TO DO - In the entries below, find the line with "From mathcomp Require Import zify." and the line with "Local Notation mu := (@lebesgue_measure R).". Return those two lines and all lines between them, exactly.

[Stored data]
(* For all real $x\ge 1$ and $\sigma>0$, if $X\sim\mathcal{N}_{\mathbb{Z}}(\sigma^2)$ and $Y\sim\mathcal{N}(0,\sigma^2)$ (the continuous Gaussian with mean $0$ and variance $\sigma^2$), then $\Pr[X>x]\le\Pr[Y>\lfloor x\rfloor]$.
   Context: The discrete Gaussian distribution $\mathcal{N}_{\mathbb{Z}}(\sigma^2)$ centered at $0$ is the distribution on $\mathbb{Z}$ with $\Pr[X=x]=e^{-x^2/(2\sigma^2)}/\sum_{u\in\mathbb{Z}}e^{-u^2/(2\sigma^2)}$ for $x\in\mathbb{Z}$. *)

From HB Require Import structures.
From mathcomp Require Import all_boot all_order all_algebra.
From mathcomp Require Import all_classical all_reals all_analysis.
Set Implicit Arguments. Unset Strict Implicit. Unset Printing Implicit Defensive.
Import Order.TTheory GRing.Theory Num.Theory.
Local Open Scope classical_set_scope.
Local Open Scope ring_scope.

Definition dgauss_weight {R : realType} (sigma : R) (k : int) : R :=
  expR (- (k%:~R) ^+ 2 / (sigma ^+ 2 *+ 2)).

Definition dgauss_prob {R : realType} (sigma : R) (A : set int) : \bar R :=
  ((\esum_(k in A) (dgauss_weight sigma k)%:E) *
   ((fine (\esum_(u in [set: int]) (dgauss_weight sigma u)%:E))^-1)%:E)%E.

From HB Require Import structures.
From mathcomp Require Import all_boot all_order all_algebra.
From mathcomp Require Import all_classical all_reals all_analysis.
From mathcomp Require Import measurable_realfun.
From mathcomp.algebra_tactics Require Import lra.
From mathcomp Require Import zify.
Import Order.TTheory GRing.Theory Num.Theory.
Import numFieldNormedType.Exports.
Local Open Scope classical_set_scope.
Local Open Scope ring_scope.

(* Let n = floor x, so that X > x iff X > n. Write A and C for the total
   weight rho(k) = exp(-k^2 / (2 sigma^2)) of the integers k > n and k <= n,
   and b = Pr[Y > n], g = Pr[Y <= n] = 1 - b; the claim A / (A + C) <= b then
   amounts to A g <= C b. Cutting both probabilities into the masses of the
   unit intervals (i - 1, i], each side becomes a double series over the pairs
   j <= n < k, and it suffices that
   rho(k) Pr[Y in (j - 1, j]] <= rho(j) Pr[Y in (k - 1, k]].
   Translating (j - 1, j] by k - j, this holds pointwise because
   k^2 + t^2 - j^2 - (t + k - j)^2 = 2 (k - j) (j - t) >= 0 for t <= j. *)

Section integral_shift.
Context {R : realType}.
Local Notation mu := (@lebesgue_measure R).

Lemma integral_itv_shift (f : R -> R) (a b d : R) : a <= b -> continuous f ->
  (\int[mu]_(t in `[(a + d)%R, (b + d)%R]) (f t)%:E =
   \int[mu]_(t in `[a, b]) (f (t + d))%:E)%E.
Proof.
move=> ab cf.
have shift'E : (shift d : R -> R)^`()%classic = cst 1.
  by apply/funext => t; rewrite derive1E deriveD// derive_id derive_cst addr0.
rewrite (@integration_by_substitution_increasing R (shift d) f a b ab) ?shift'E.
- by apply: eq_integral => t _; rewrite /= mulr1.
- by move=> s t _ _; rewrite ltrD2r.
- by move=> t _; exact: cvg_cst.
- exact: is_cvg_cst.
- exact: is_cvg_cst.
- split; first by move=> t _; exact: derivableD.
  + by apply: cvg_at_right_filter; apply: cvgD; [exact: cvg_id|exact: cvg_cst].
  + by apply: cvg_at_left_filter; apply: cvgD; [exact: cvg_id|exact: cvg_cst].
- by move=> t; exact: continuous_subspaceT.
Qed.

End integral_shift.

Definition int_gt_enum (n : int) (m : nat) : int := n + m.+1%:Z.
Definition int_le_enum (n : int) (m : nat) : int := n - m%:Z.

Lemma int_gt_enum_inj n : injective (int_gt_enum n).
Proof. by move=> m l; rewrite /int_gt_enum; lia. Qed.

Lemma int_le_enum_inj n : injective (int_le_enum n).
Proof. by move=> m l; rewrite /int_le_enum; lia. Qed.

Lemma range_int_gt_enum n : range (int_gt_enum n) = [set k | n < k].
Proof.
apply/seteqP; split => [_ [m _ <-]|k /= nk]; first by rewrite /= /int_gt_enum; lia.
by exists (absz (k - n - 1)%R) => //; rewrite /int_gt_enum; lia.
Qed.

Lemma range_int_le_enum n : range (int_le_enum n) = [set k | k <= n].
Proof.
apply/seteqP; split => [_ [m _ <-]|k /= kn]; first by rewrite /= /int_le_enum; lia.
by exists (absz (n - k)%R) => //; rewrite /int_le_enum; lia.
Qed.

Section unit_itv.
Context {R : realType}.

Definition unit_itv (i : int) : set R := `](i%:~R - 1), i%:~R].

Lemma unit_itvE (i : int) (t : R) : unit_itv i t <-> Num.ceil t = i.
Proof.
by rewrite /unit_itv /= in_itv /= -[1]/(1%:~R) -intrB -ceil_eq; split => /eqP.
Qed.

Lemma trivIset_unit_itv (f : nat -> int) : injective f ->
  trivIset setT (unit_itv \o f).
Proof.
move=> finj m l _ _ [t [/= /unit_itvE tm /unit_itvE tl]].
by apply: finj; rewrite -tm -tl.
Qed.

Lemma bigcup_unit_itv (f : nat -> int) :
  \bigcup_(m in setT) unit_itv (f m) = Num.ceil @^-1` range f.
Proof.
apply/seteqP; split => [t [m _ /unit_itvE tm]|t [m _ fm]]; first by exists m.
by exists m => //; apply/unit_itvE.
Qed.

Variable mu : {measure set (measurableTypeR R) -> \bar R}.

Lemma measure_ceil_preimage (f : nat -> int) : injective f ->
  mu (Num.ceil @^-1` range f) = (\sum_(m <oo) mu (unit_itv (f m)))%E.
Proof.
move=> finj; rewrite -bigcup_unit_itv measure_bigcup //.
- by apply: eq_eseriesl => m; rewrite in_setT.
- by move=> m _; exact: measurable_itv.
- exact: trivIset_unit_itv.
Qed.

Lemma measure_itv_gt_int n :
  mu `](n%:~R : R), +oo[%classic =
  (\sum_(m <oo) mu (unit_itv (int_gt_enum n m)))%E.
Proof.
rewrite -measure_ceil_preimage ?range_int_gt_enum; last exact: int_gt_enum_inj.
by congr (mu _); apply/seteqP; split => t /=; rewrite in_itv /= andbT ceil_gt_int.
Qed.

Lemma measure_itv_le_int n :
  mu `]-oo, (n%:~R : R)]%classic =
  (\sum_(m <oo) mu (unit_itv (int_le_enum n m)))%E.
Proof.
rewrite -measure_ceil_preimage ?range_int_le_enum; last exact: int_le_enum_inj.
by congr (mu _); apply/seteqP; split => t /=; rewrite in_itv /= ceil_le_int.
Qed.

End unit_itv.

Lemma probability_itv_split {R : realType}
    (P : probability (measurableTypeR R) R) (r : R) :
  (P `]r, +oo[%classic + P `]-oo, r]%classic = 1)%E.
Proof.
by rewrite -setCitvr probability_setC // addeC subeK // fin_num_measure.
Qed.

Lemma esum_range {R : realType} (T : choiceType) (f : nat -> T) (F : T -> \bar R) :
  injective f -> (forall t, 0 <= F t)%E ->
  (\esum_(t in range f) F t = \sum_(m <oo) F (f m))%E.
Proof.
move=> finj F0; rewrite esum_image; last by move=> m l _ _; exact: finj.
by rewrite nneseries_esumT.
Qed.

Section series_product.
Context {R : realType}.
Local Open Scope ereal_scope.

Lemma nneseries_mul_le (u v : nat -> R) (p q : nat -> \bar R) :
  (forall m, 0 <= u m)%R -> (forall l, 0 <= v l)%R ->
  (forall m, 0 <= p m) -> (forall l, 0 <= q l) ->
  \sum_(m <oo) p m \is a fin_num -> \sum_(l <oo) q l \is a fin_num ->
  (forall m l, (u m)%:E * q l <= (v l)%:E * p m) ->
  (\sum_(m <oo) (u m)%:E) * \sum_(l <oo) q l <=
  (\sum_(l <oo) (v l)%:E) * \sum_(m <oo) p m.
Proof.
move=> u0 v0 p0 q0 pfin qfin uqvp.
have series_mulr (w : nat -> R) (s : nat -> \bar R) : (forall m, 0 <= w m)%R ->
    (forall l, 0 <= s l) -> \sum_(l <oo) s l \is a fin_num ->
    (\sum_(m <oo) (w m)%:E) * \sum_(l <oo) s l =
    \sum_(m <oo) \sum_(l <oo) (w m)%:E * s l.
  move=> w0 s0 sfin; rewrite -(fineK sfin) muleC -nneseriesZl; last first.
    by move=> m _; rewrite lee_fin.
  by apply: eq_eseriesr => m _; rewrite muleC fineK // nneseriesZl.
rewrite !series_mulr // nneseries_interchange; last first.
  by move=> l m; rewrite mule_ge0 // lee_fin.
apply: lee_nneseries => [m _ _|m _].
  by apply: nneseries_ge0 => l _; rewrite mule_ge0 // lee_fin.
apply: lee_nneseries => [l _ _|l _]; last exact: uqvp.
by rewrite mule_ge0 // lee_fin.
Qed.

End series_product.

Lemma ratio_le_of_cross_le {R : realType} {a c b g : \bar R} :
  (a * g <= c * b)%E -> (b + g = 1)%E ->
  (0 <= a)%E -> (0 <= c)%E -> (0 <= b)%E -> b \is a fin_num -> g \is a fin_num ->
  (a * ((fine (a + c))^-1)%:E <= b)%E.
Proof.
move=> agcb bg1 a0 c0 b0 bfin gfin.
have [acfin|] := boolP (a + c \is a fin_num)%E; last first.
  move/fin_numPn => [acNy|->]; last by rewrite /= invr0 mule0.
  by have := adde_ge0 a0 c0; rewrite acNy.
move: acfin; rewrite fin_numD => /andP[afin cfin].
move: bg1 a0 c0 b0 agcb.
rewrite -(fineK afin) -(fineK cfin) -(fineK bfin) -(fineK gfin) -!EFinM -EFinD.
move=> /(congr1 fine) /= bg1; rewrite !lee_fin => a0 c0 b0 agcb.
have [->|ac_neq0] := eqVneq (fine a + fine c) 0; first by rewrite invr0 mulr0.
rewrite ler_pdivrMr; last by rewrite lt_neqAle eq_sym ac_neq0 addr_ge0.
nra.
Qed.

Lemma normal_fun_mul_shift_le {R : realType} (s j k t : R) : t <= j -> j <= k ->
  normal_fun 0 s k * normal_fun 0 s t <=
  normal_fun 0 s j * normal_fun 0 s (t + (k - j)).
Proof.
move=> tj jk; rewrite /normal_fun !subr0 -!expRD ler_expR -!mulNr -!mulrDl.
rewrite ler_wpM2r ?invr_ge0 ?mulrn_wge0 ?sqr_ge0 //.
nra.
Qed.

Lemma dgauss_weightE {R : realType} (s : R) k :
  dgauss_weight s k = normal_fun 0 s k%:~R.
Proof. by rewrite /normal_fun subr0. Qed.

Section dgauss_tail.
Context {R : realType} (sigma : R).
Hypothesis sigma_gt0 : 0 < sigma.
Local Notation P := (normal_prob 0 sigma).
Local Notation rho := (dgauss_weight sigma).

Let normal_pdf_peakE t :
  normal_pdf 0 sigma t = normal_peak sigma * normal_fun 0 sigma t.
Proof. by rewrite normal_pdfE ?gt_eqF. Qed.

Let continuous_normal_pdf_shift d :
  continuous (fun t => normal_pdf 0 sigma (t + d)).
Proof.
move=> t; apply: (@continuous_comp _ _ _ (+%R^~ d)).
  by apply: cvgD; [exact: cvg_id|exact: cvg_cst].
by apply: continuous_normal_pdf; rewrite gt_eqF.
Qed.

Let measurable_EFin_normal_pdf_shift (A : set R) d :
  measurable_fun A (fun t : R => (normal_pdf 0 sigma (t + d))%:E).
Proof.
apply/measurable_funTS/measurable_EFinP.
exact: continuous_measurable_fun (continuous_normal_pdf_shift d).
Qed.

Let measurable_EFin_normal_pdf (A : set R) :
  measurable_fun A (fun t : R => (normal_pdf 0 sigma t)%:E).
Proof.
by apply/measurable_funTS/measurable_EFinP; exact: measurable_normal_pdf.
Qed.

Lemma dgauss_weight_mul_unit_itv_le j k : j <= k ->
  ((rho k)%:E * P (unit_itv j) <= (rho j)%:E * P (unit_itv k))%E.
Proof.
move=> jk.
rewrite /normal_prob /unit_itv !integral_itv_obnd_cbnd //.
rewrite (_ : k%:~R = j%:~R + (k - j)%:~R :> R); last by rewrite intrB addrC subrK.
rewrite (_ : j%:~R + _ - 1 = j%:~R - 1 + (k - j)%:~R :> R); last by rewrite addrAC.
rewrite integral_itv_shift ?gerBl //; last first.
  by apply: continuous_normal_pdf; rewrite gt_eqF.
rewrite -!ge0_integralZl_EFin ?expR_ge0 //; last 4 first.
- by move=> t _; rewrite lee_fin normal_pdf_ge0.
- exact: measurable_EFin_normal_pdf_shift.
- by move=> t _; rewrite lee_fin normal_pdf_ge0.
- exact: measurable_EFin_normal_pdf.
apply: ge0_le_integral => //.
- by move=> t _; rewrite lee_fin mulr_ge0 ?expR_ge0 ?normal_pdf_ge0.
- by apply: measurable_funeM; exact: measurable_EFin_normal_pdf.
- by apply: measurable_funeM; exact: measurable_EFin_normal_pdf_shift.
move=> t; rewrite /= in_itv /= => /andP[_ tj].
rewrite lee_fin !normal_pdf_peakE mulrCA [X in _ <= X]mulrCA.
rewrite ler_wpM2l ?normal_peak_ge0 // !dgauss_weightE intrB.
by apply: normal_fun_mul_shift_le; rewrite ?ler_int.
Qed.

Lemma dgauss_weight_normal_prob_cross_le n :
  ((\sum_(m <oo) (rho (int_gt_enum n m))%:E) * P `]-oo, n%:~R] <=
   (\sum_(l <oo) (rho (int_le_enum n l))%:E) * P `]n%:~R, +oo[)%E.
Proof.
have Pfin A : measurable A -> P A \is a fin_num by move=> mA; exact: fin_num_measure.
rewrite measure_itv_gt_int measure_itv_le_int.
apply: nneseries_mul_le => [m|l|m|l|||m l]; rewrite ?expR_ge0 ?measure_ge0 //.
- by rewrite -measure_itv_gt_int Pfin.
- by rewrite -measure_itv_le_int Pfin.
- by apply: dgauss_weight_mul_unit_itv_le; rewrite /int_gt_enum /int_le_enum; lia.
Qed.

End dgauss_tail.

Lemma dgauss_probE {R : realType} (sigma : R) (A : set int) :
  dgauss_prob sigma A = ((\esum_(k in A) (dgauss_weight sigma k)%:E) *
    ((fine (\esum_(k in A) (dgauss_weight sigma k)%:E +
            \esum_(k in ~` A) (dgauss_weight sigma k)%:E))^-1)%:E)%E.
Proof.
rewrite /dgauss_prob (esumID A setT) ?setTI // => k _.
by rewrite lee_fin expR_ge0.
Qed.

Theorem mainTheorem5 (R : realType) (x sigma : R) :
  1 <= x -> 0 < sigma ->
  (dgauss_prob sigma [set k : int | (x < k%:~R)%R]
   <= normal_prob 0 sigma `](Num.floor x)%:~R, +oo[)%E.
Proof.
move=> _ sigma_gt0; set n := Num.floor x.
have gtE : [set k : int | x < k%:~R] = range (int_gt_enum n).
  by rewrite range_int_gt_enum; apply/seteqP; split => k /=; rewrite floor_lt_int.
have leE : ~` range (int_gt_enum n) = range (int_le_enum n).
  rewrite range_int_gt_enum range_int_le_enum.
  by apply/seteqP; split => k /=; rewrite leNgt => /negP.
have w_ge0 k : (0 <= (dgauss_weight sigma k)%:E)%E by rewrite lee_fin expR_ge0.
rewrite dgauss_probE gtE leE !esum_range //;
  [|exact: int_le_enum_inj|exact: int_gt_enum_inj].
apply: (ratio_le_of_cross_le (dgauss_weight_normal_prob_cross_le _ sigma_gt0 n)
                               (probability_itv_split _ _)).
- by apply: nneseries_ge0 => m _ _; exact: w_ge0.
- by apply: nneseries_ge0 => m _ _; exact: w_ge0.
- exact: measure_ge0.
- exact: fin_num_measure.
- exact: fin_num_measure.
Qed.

SOLUTION TO THIS PROBLEM -
From mathcomp Require Import zify.
Import Order.TTheory GRing.Theory Num.Theory.
Import numFieldNormedType.Exports.
Local Open Scope classical_set_scope.
Local Open Scope ring_scope.

(* Let n = floor x, so that X > x iff X > n. Write A and C for the total
   weight rho(k) = exp(-k^2 / (2 sigma^2)) of the integers k > n and k <= n,
   and b = Pr[Y > n], g = Pr[Y <= n] = 1 - b; the claim A / (A + C) <= b then
   amounts to A g <= C b. Cutting both probabilities into the masses of the
   unit intervals (i - 1, i], each side becomes a double series over the pairs
   j <= n < k, and it suffices that
   rho(k) Pr[Y in (j - 1, j]] <= rho(j) Pr[Y in (k - 1, k]].
   Translating (j - 1, j] by k - j, this holds pointwise because
   k^2 + t^2 - j^2 - (t + k - j)^2 = 2 (k - j) (j - t) >= 0 for t <= j. *)

Section integral_shift.
Context {R : realType}.
Local Notation mu := (@lebesgue_measure R).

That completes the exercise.